___ The input

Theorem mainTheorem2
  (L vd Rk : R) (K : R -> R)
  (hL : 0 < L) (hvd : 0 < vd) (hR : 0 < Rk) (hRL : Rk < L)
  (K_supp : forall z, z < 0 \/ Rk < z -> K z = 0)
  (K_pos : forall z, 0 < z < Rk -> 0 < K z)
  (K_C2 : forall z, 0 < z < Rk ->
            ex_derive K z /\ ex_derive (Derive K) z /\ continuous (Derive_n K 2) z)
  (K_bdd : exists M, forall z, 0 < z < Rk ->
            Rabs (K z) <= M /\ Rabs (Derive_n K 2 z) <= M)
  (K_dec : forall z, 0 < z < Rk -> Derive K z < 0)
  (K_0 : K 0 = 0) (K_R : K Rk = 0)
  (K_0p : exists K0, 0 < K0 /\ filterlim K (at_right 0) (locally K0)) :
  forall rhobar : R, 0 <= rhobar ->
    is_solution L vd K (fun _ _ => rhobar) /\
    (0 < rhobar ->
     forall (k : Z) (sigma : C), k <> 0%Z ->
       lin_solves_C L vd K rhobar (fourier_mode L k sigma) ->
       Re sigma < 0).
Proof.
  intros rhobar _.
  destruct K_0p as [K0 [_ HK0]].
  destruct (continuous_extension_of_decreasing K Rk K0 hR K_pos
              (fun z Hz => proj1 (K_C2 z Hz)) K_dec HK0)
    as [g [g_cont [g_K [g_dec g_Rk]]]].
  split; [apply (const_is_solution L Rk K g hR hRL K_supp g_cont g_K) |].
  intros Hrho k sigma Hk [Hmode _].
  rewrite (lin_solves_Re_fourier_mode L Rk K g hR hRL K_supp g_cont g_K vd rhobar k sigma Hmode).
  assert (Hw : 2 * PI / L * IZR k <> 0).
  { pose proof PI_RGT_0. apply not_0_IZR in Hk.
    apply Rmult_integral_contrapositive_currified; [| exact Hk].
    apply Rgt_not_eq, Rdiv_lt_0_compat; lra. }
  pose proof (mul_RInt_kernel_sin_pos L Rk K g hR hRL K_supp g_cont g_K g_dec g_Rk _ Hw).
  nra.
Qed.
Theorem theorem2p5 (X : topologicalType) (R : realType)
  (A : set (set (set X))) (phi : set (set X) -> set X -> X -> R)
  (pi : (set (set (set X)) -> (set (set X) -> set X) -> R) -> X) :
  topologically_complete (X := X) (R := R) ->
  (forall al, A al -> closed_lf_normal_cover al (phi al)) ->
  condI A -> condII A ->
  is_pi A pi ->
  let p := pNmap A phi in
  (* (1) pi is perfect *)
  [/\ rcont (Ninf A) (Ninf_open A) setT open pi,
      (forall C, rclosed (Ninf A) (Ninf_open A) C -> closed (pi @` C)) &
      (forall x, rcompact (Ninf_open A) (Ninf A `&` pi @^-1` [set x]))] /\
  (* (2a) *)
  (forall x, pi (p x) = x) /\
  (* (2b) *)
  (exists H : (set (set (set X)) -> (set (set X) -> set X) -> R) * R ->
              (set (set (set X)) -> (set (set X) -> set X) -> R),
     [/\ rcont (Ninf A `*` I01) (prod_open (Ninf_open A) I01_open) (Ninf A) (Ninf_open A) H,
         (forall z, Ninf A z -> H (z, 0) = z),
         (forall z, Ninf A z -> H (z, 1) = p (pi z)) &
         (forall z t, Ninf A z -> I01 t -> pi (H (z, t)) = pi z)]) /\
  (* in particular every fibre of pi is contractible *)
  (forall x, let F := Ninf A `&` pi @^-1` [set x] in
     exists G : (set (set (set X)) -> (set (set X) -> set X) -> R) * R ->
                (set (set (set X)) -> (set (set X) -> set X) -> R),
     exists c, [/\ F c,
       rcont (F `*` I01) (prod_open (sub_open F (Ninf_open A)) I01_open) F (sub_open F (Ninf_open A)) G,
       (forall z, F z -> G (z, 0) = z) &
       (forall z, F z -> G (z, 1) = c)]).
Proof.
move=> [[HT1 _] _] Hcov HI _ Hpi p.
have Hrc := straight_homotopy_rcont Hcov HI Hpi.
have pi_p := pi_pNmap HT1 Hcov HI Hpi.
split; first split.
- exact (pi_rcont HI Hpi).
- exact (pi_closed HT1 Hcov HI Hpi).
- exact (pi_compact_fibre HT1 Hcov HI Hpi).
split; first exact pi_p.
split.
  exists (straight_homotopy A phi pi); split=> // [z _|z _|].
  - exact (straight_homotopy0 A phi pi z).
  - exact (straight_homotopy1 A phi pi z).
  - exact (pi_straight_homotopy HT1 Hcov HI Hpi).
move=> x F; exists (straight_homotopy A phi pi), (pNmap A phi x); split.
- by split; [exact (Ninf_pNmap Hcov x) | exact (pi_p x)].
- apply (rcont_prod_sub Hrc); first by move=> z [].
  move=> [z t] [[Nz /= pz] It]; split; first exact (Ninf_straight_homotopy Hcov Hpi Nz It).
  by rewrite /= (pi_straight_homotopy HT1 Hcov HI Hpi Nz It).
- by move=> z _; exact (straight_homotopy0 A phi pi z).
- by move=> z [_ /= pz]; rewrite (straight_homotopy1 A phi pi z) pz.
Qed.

______

Try it: Your answer should consist of the lines from the line with "(K_dec : forall" to the line with "destruct (continuous_extension_of_decreasing K" above, repeated exactly, both ends included.

Task result:
  (K_dec : forall z, 0 < z < Rk -> Derive K z < 0)
  (K_0 : K 0 = 0) (K_R : K Rk = 0)
  (K_0p : exists K0, 0 < K0 /\ filterlim K (at_right 0) (locally K0)) :
  forall rhobar : R, 0 <= rhobar ->
    is_solution L vd K (fun _ _ => rhobar) /\
    (0 < rhobar ->
     forall (k : Z) (sigma : C), k <> 0%Z ->
       lin_solves_C L vd K rhobar (fourier_mode L k sigma) ->
       Re sigma < 0).
Proof.
  intros rhobar _.
  destruct K_0p as [K0 [_ HK0]].
  destruct (continuous_extension_of_decreasing K Rk K0 hR K_pos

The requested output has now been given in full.